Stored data
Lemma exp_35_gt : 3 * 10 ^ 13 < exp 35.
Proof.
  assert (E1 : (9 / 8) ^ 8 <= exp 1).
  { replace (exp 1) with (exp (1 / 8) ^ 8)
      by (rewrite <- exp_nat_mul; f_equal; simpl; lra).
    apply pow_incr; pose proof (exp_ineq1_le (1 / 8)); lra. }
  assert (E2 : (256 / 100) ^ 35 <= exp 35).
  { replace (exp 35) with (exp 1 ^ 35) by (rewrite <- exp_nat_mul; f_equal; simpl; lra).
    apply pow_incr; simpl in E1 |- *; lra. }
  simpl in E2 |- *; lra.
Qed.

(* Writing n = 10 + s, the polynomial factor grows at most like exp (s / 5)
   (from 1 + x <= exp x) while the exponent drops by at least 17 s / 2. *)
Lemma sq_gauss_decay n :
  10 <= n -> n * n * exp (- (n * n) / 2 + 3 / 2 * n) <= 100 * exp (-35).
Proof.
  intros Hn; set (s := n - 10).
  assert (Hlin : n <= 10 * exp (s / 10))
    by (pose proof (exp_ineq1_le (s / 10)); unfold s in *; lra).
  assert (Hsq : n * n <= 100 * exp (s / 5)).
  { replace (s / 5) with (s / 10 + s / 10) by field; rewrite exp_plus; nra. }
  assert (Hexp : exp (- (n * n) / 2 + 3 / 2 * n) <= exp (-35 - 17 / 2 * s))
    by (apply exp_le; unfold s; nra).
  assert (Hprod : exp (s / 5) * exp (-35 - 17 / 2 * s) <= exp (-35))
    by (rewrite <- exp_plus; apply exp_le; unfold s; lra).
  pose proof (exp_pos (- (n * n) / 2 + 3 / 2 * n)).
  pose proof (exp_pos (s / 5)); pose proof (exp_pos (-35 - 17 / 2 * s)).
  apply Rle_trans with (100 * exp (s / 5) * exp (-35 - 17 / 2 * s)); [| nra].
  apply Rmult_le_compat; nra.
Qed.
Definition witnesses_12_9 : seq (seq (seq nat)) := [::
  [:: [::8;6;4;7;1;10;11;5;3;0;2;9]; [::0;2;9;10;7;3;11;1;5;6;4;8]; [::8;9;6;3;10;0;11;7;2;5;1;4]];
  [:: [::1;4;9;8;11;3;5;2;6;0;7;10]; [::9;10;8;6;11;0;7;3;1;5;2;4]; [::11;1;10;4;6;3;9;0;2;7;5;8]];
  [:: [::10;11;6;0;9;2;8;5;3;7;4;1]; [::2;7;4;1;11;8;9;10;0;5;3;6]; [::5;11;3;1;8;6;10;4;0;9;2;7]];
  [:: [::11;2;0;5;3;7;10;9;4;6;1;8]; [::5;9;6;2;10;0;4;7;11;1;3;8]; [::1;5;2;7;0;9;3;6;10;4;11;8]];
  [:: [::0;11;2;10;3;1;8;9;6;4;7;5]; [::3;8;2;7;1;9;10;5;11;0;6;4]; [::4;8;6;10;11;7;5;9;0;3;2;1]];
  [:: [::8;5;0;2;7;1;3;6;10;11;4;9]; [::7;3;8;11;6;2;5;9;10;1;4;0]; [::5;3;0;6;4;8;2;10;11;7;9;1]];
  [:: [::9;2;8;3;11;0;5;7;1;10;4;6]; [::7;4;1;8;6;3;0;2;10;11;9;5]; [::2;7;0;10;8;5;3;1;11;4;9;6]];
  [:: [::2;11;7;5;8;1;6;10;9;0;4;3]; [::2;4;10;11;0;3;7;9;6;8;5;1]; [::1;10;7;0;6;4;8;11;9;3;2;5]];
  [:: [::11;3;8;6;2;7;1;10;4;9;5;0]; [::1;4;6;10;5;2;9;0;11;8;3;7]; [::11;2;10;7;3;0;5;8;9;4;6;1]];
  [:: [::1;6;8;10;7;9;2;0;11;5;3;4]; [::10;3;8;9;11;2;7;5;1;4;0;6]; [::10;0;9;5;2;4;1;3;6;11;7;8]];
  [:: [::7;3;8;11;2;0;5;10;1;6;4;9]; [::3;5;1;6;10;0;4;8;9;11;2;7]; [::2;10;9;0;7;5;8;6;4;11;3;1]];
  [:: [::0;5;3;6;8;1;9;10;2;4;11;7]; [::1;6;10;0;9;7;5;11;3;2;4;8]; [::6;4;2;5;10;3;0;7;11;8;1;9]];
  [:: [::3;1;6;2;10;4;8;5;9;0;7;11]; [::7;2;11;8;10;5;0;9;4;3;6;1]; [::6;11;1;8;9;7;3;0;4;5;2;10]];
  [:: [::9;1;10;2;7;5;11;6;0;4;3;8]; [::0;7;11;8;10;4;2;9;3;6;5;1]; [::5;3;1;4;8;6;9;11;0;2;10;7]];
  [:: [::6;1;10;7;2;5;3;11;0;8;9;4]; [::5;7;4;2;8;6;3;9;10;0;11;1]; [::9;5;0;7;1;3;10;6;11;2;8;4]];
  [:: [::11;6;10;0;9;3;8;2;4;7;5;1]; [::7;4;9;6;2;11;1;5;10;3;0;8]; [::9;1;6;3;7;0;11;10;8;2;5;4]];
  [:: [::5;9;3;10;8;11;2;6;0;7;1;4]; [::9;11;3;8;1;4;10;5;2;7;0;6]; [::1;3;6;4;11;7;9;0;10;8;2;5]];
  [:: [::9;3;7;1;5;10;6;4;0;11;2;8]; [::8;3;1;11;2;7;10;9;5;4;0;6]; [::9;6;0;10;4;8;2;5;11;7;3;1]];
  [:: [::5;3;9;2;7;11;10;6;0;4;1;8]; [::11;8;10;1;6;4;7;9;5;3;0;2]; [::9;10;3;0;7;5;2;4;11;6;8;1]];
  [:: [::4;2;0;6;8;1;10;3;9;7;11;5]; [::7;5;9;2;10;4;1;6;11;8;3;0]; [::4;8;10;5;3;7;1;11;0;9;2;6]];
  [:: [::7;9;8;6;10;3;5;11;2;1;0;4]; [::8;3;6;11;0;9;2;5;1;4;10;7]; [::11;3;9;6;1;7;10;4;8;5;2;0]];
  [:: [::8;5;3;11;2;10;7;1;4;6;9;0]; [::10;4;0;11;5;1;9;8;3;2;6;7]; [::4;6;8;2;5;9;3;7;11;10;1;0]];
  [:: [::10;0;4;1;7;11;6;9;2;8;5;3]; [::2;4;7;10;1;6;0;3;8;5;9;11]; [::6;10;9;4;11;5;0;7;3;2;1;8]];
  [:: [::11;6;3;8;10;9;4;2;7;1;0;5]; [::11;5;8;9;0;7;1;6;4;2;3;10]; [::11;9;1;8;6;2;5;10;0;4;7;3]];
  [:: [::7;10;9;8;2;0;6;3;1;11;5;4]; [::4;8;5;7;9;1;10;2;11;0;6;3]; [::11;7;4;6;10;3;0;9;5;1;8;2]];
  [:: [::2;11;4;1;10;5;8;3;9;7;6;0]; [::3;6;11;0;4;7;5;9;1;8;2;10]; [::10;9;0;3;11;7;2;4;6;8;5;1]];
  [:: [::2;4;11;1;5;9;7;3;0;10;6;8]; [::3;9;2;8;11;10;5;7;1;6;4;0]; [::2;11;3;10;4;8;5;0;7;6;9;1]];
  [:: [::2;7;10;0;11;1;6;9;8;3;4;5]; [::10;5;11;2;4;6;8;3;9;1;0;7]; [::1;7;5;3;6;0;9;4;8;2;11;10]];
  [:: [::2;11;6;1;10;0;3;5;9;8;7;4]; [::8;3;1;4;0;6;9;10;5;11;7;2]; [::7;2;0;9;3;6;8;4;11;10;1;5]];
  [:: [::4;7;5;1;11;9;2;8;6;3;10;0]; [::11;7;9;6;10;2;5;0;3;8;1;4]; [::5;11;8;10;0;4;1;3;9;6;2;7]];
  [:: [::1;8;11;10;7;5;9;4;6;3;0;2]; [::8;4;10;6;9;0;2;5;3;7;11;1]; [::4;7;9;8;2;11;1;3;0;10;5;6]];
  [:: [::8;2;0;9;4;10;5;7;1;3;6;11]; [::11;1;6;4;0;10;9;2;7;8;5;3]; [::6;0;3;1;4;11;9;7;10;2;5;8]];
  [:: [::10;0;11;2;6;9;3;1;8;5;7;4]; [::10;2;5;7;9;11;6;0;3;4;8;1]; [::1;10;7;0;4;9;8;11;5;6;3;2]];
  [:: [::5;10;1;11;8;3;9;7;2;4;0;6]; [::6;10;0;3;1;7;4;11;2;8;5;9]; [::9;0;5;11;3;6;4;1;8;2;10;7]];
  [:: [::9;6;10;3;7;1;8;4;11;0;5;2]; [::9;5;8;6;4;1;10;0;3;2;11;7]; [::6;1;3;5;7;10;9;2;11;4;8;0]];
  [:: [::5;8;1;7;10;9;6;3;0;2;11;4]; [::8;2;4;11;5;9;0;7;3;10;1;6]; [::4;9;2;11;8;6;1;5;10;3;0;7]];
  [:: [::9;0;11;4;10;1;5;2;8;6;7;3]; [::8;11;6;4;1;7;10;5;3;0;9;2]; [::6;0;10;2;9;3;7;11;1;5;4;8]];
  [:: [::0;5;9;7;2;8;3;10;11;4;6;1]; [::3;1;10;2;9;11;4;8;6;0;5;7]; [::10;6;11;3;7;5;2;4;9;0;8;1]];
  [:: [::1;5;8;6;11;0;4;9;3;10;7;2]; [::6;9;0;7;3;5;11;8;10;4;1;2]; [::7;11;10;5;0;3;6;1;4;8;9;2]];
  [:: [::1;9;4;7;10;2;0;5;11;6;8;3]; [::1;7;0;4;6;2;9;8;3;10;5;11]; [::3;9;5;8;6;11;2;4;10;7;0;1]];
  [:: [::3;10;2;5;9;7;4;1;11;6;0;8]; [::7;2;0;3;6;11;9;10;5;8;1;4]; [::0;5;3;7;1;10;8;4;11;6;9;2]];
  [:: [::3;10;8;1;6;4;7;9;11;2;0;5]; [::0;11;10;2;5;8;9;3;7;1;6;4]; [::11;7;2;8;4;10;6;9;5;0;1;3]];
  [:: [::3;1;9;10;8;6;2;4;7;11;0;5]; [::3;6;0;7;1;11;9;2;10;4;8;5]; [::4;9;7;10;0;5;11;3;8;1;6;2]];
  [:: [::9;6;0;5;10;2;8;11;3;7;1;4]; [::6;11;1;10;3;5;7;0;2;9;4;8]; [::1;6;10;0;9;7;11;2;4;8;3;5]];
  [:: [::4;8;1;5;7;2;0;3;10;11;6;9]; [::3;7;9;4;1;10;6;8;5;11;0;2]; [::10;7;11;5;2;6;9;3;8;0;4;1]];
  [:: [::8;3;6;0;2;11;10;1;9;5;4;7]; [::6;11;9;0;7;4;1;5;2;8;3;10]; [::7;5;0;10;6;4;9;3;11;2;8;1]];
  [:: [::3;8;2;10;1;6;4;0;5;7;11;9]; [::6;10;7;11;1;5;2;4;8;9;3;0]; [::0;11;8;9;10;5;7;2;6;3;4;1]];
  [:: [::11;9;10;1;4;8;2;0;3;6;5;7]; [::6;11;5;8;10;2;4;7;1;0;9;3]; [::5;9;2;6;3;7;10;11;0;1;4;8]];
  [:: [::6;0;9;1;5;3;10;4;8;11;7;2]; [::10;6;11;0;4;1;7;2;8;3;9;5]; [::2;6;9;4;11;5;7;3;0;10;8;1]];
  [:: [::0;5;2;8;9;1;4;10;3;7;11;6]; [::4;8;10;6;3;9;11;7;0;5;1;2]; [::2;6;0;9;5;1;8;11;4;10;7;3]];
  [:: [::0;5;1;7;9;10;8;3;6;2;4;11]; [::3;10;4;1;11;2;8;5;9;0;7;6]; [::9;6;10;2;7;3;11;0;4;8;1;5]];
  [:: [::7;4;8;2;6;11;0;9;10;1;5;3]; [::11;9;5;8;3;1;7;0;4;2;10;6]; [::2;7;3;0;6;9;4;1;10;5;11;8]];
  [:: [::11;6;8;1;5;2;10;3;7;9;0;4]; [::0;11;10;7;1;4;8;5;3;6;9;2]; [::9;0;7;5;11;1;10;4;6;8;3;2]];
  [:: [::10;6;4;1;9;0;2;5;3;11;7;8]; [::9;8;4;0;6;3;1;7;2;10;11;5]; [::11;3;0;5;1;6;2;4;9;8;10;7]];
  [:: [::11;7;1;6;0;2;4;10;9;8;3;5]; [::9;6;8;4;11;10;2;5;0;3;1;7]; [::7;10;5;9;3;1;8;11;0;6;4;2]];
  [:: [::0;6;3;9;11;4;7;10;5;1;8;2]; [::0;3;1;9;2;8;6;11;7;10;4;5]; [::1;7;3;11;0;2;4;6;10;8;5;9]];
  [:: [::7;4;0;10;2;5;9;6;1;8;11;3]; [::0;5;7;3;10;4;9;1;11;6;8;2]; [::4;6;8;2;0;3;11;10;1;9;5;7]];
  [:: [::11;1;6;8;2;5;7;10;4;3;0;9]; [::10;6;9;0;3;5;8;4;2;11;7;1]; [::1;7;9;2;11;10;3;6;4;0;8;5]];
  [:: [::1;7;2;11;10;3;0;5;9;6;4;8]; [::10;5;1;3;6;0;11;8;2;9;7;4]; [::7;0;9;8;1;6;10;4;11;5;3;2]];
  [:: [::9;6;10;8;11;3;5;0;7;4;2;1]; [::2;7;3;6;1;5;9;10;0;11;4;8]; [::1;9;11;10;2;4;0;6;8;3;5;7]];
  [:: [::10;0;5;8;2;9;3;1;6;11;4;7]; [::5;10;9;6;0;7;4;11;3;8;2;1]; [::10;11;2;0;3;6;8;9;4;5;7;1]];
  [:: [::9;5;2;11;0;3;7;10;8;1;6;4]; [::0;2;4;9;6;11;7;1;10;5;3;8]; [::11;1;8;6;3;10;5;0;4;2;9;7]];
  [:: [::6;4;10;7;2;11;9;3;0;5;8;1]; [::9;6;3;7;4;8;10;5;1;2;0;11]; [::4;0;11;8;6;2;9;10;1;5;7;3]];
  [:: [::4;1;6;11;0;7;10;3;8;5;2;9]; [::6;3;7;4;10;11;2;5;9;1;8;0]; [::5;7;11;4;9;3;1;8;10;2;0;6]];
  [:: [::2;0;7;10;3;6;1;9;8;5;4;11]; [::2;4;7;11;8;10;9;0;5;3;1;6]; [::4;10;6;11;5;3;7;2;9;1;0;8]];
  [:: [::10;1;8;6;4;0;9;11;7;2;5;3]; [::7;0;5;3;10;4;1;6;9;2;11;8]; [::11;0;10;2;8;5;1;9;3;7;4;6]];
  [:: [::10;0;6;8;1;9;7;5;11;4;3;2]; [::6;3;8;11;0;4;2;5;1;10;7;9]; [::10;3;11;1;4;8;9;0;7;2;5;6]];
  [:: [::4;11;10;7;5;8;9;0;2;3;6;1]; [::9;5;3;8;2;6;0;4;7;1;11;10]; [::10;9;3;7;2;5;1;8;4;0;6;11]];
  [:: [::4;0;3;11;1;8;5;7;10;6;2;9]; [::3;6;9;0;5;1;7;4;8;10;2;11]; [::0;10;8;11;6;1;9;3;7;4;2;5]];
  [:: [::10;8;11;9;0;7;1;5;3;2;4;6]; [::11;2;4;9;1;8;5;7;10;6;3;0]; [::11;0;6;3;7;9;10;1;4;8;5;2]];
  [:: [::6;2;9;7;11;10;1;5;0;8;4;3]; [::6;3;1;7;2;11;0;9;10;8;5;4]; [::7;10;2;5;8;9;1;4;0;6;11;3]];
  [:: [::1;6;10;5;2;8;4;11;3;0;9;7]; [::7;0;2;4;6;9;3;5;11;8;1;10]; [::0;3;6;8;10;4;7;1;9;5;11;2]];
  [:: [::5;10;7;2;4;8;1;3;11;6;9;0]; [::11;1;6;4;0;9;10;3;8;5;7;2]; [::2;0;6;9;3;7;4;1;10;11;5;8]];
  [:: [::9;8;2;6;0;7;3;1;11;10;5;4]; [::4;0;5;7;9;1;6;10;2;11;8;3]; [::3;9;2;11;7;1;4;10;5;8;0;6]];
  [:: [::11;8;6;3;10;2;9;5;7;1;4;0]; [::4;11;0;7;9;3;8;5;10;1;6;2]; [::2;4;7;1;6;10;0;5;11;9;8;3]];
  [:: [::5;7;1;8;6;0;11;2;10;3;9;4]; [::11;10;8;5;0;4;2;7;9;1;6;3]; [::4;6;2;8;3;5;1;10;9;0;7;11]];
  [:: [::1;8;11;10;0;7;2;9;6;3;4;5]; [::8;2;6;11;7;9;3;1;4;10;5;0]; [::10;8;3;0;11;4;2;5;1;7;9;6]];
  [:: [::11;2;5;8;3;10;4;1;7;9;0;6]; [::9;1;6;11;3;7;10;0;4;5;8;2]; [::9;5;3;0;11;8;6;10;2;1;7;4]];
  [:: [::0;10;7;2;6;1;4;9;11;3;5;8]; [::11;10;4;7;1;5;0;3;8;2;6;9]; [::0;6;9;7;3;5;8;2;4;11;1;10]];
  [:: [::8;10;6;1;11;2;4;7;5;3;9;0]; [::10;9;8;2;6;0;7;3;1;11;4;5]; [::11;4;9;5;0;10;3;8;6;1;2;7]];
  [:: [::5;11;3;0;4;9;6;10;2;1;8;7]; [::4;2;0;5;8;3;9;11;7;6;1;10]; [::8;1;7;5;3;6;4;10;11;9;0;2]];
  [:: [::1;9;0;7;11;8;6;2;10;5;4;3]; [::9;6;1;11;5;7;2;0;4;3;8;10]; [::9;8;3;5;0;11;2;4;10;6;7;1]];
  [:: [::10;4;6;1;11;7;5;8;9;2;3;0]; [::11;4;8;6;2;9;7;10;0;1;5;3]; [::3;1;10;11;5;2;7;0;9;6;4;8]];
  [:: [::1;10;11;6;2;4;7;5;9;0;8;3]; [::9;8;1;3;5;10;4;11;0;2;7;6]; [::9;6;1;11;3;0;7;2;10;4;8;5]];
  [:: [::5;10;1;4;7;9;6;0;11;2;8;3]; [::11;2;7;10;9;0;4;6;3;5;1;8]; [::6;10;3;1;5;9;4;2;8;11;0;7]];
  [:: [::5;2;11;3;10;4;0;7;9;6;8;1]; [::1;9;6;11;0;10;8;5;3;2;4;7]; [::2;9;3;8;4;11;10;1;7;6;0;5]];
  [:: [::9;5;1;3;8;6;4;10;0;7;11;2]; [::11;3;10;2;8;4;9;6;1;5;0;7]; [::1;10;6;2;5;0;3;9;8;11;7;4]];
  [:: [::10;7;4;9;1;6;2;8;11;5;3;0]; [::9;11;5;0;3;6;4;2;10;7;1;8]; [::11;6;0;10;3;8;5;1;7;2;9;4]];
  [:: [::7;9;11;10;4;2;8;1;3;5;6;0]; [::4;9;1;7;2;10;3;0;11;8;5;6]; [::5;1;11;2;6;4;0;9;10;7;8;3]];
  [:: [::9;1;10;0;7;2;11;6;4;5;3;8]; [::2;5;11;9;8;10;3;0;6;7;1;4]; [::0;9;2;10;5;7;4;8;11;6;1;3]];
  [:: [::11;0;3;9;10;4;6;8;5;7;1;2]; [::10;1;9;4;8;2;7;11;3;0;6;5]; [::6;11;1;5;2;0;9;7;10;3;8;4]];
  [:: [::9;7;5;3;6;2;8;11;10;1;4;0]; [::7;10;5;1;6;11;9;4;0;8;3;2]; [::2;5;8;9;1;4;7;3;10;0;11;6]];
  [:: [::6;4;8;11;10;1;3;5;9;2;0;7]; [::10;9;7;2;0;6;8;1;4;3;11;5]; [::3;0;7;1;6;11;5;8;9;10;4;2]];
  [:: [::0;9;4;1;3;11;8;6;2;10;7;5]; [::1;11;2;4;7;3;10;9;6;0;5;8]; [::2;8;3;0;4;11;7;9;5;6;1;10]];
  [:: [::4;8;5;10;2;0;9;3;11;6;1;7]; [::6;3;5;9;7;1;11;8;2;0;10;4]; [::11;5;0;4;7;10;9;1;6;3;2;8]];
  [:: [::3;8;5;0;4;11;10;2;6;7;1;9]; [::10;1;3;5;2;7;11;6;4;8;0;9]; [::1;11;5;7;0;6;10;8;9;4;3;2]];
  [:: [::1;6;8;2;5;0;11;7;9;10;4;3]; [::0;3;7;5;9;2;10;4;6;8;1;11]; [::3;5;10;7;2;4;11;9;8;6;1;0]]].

Exercise prompt: The answer must consist of every line above that holds the string "assert", copied exactly.

Result for this exercise:
  assert (E1 : (9 / 8) ^ 8 <= exp 1).
  assert (E2 : (256 / 100) ^ 35 <= exp 35).
  assert (Hlin : n <= 10 * exp (s / 10))
  assert (Hsq : n * n <= 100 * exp (s / 5)).
  assert (Hexp : exp (- (n * n) / 2 + 3 / 2 * n) <= exp (-35 - 17 / 2 * s))
  assert (Hprod : exp (s / 5) * exp (-35 - 17 / 2 * s) <= exp (-35))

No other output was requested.